*WHAT TO PRODUCE:* Would you output the entries below only from the line containing "exists (l : list V)" through the line containing "exists l : list V, NoDup", exactly as they stand and with both ends included?
*** Opening TASK MATERIAL ***
(* The left side is the indicator that exactly one of [x], [y] lies in [A];
   the swap then changes [Z] by at least [1]. *)
Lemma swap_gain_sq_ge om x y : om \in Om -> x \in P -> y \notin P ->
  (indic x om.1 - indic y om.1) ^+ 2 <= swap_gain (x, y) om ^+ 2.
Proof.
rewrite inE => /and3P[_ _]; case: om => A B /= disjAB xP yP.
have xQ : (x \in Q) = false := disjointFr PQ xP.
have hdiff : 1 <= (hPQ x - hPQ y) ^+ 2.
  by rewrite /hPQ /indic xP xQ (negbTE yP); case: (y \in Q); rewrite /= ?expr2; lra.
have wdiff : (indic x A - indic y A) ^+ 2 <= (wAB R (A, B) y - wAB R (A, B) x) ^+ 2.
  rewrite /wAB /indic /=.
  case xA: (x \in A); case yA: (y \in A); rewrite /= ?subrr ?expr0n ?sqr_ge0 //.
  - by rewrite (disjointFr disjAB xA); case: (y \in B); rewrite /= ?expr2; lra.
  - by rewrite (disjointFr disjAB yA); case: (x \in B); rewrite /= ?expr2; lra.
rewrite /swap_gain /= exprMn.
have := ler_wpM2l (sqr_ge0 (wAB R (A, B) y - wAB R (A, B) x)) hdiff.
lra.
Qed.

Lemma subsum_var_gains_le om : om \in Om -> subsum_var (gains om) <= 4 * a%:R.
Proof.
move=> om_in; rewrite /subsum_var big_map.
apply: le_trans (ler_sum _ (fun p _ => swap_gain_sq_le p om)) _.
rewrite -mulr_sumr.
have := @sum_pairs_le _ _ _ (fun z => indic z (om.1 :|: om.2)) (pairing_uniq P) (fun z => ler0n _ _).
rewrite sum_indic => sum_le.
have : #|om.1 :|: om.2|%:R <= a%:R + b%:R :> R.
  move: om_in; rewrite inE => /and3P[/eqP cA /eqP cB _].
  by rewrite -natrD ler_nat -cA -cB leq_card_setU.
have : b%:R <= a%:R :> R by rewrite ler_nat.
lra.
Qed.

Hypotheses (eta_gt0 : 0 < eta) (P_ge : eta * n%:R <= #|P|%:R).
Hypotheses (P_le : #|P|%:R <= (1 - eta) * n%:R) (a_le : a%:R <= (1 - eta) * n%:R).

Lemma sum_swap_gain_sq_ge x y : x \in P -> y \notin P ->
  cOm * (a%:R / n%:R) * eta / 2 <= \sum_(om in Om) (swap_gain (x, y) om / 2) ^+ 2.
Proof.
move=> xP yP; have xy : x != y by apply: contraNneq yP => <-.
set r : R := a%:R / n%:R.
have sq_ge : \sum_(om in Om) (indic x om.1 + indic y om.1 - 2 * (indic x om.1 * indic y om.1)) / 4
             <= \sum_(om in Om) (swap_gain (x, y) om / 2) ^+ 2.
  apply: ler_sum => om om_in.
  have -> : (swap_gain (x, y) om / 2) ^+ 2 = swap_gain (x, y) om ^+ 2 / 4 by field.
  rewrite ler_pM2r ?invr_gt0 //.
  apply: le_trans (swap_gain_sq_ge om_in xP yP).
  have idem u : indic u om.1 ^+ 2 = indic u om.1 by rewrite expr2 indicM_id.
  by rewrite sqrrB !idem; lra.
apply: le_trans sq_ge.
have := cnt1E R a b true x; have := cnt1E R a b true y; have := @cnt2_le R _ a b true _ _ xy a_le_n.
rewrite /cnt1 /cnt2 /side /= => cnt2_le cnt1y cnt1x.
rewrite -mulr_suml !sumrB big_split /= -mulr_sumr cnt1x cnt1y -/r.
have r_ge0 : 0 <= r by rewrite divr_ge0 ?ler0n.
have r_le : r <= 1 - eta by rewrite ler_pdivrMr ?n_gt0.
have cOm_ge0 : 0 <= cOm by rewrite ler0n.
have : 0 <= cOm * r * (1 - r - eta) by apply: mulr_ge0; [exact: mulr_ge0 | lra].
rewrite -/r in cnt2_le; nra.
Qed.

Lemma size_pairing_ge : eta * n%:R <= (size (pairing P))%:R.
Proof.
have P_n : (#|P| <= n)%N by rewrite -[n in (_ <= n)%N]card_ord max_card.
have cardCP : #|~: P|%:R = n%:R - #|P|%:R :> R by rewrite cardsCs setCK card_ord natrB.
move: P_ge P_le; rewrite size_pairing /minn; case: ifP => _; rewrite ?cardCP; lra.
Qed.

Lemma sum_subsum_var_gains_ge :
  eta ^+ 2 * a%:R * cOm / 2 <= \sum_(om in Om) subsum_var (gains om).
Proof.
rewrite /subsum_var; under eq_bigr do rewrite big_map.
rewrite exchange_big /=.
set c := cOm * (a%:R / n%:R) * eta / 2.
have c_ge0 : 0 <= c by rewrite /c !(mulr_ge0, divr_ge0) ?invr_ge0 ?ler0n // ltW.
have : \sum_(p <- pairing P) c
        <= \sum_(p <- pairing P) \sum_(om in Om) (swap_gain p om / 2) ^+ 2.
  rewrite big_seq [leRHS]big_seq.
  by apply: ler_sum => -[x y] /mem_pairing[xP yP]; apply: sum_swap_gain_sq_ge.
rewrite big_const_seq count_predT iter_addr_0 -[c *+ _]mulr_natr; apply: le_trans.
rewrite (_ : eta ^+ 2 * a%:R * cOm / 2 = c * (eta * n%:R)); last first.
  by rewrite /c; field; rewrite gt_eqF ?n_gt0.
by rewrite ler_wpM2l // size_pairing_ge.
Qed.
(* Let $T$ be an infinite, locally finite tree with maximum degree at least three and finite metric dimension. Then $$\beta(T)=\sum_{v\in V(T),\ \deg(v)\ge 3}\max\{P_T(v)-1,0\}.$$ Moreover, a set $S\subseteq V(T)$ is a metric basis of $T$ if and only if it is obtained as follows: for each vertex $v$ with $P_T(v)=k\ge 2$, choose $k-1$ vertices different from $v$ lying on $k-1$ distinct branch paths of $T$ at $v$ (and $S$ consists exactly of all the chosen vertices).
   Context: $d$ denotes shortest-path distance. A vertex $x$ resolves $u,v$ if $d(u,x)\ne d(v,x)$; a set of vertices is a resolving set if every pair of distinct vertices is resolved by some vertex of it. The metric dimension $\beta(T)$ is the minimum cardinality of a resolving set if a finite one exists, and $\infty$ otherwise; a metric basis is a resolving set of minimum cardinality. For a vertex $v$ of $T$, a branch of $T$ at $v$ is a maximal subtree of $T$ having $v$ as a leaf (so there are exactly $\deg(v)$ branches at $v$). A branch path of $T$ at $v$ is a branch at $v$ that is either a finite path or a one-way infinite path. $P_T(v)$ denotes the number of branch paths of $T$ at $v$. *)

From Stdlib Require Import Arith List Lia ClassicalEpsilon.
Import ListNotations.

Section Graphs.
Context {V : Type} (adj : V -> V -> Prop).

Definition simple_graph : Prop :=
  (forall u v, adj u v -> adj v u) /\ (forall v, ~ adj v v).

Inductive walk : V -> V -> nat -> Prop :=
| walk_nil : forall u, walk u u 0
| walk_cons : forall u w v n, adj u w -> walk w v n -> walk u v (S n).

Inductive walk_in (B : V -> Prop) : V -> V -> Prop :=
| walk_in_nil : forall u, B u -> walk_in B u u
| walk_in_cons : forall u w v, B u -> adj u w -> walk_in B w v -> walk_in B u v.

Definition connected : Prop := forall u v, exists n, walk u v n.

Definition is_cycle (l : list V) : Prop :=
  exists x0, 3 <= length l /\ NoDup l /\
    (forall i, S i < length l -> adj (nth i l x0) (nth (S i) l x0)) /\
    adj (nth (pred (length l)) l x0) (nth 0 l x0).

Definition is_tree : Prop := simple_graph /\ connected /\ ~ (exists l, is_cycle l).

Definition has_card {X : Type} (eqv : X -> X -> Prop) (A : X -> Prop) (n : nat) : Prop :=
  exists (l : list X) (d : X), length l = n /\
    (forall i, i < length l -> A (nth i l d)) /\
    (forall x, A x -> exists i, i < length l /\ eqv x (nth i l d)) /\
    (forall i j, i < length l -> j < length l -> i <> j ->
        ~ eqv (nth i l d) (nth j l d)).

Definition same_set (A B : V -> Prop) : Prop := forall x, A x <-> B x.

Definition infinite_vertices : Prop := ~ exists l : list V, forall x, In x l.

Definition locally_finite : Prop := forall v, exists n, has_card eq (adj v) n.

(* degree (meaningful in a locally finite graph) *)
Definition deg (v : V) : nat :=
  epsilon (inhabits 0) (fun n => has_card eq (adj v) n).

Definition max_degree_ge3 : Prop := exists v, 3 <= deg v.

Definition dist (u v : V) (n : nat) : Prop :=
  walk u v n /\ forall m, walk u v m -> n <= m.

Definition resolves (x u v : V) : Prop :=
  exists a b, dist u x a /\ dist v x b /\ a <> b.

Definition resolving_set (S : V -> Prop) : Prop :=
  forall u v, u <> v -> exists x, S x /\ resolves x u v.

Definition metric_dim_is (n : nat) : Prop :=
  (exists S, resolving_set S /\ has_card eq S n) /\
  (forall S m, resolving_set S -> has_card eq S m -> n <= m).

Definition finite_metric_dim : Prop :=
  exists S m, resolving_set S /\ has_card eq S m.

Definition metric_basis (S : V -> Prop) : Prop :=
  resolving_set S /\ exists n, has_card eq S n /\ metric_dim_is n.

(* subtrees (connected vertex sets; induced subgraphs of a tree are forests) having
   v as a leaf, and branches = maximal such subtrees *)
Definition subtree_with_leaf (v : V) (B : V -> Prop) : Prop :=
  B v /\ (forall x y, B x -> B y -> walk_in B x y) /\
  has_card eq (fun w => B w /\ adj v w) 1.

Definition branch (v : V) (B : V -> Prop) : Prop :=
  subtree_with_leaf v B /\
  forall B', (forall x, B x -> B' x) -> subtree_with_leaf v B' -> forall x, B' x -> B x.

Definition is_finite_path (B : V -> Prop) : Prop :=
  exists (l : list V) (d : V), NoDup l /\ l <> [] /\ (forall x, B x <-> In x l) /\
    (forall i j, i < length l -> j < length l ->
       (adj (nth i l d) (nth j l d) <-> (j = S i \/ i = S j))).

Definition is_ray (B : V -> Prop) : Prop :=
  exists f : nat -> V, (forall i j, f i = f j -> i = j) /\
    (forall x, B x <-> exists i, f i = x) /\
    (forall i j, adj (f i) (f j) <-> (j = S i \/ i = S j)).

Definition branch_path (v : V) (B : V -> Prop) : Prop :=
  branch v B /\ (is_finite_path B \/ is_ray B).

Definition P (v : V) : nat :=
  epsilon (inhabits 0) (fun n => has_card same_set (branch_path v) n).

End Graphs.

Definition fsum_is {V : Type} (f : V -> nat) (n : nat) : Prop :=
  exists l : list V, NoDup l /\ (forall v, f v <> 0 -> In v l) /\
    n = fold_right (fun v acc => f v + acc) 0 l.

Definition obtained_by_selection {V : Type} (adj : V -> V -> Prop) (S : V -> Prop) : Prop :=
  exists sel : V -> list V,
    (forall v, 2 <= P adj v ->
       length (sel v) = P adj v - 1 /\
       exists (Bs : list (V -> Prop)) (dB : V -> Prop) (dx : V),
         length Bs = P adj v - 1 /\
         (forall i, i < length Bs ->
            branch_path adj v (nth i Bs dB) /\
            nth i (sel v) dx <> v /\
            nth i Bs dB (nth i (sel v) dx)) /\
         (forall i j, i < length Bs -> j < length Bs -> i <> j ->
            ~ same_set (nth i Bs dB) (nth j Bs dB))) /\
    (forall v, P adj v < 2 -> sel v = []) /\
    (forall x, S x <-> exists v, In x (sel v)).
*** Closing TASK MATERIAL ***
*RESPONSE AREA:*
  exists (l : list V) (d : V), NoDup l /\ l <> [] /\ (forall x, B x <-> In x l) /\
    (forall i j, i < length l -> j < length l ->
       (adj (nth i l d) (nth j l d) <-> (j = S i \/ i = S j))).

Definition is_ray (B : V -> Prop) : Prop :=
  exists f : nat -> V, (forall i j, f i = f j -> i = j) /\
    (forall x, B x <-> exists i, f i = x) /\
    (forall i j, adj (f i) (f j) <-> (j = S i \/ i = S j)).

Definition branch_path (v : V) (B : V -> Prop) : Prop :=
  branch v B /\ (is_finite_path B \/ is_ray B).

Definition P (v : V) : nat :=
  epsilon (inhabits 0) (fun n => has_card same_set (branch_path v) n).

End Graphs.

Definition fsum_is {V : Type} (f : V -> nat) (n : nat) : Prop :=
  exists l : list V, NoDup l /\ (forall v, f v <> 0 -> In v l) /\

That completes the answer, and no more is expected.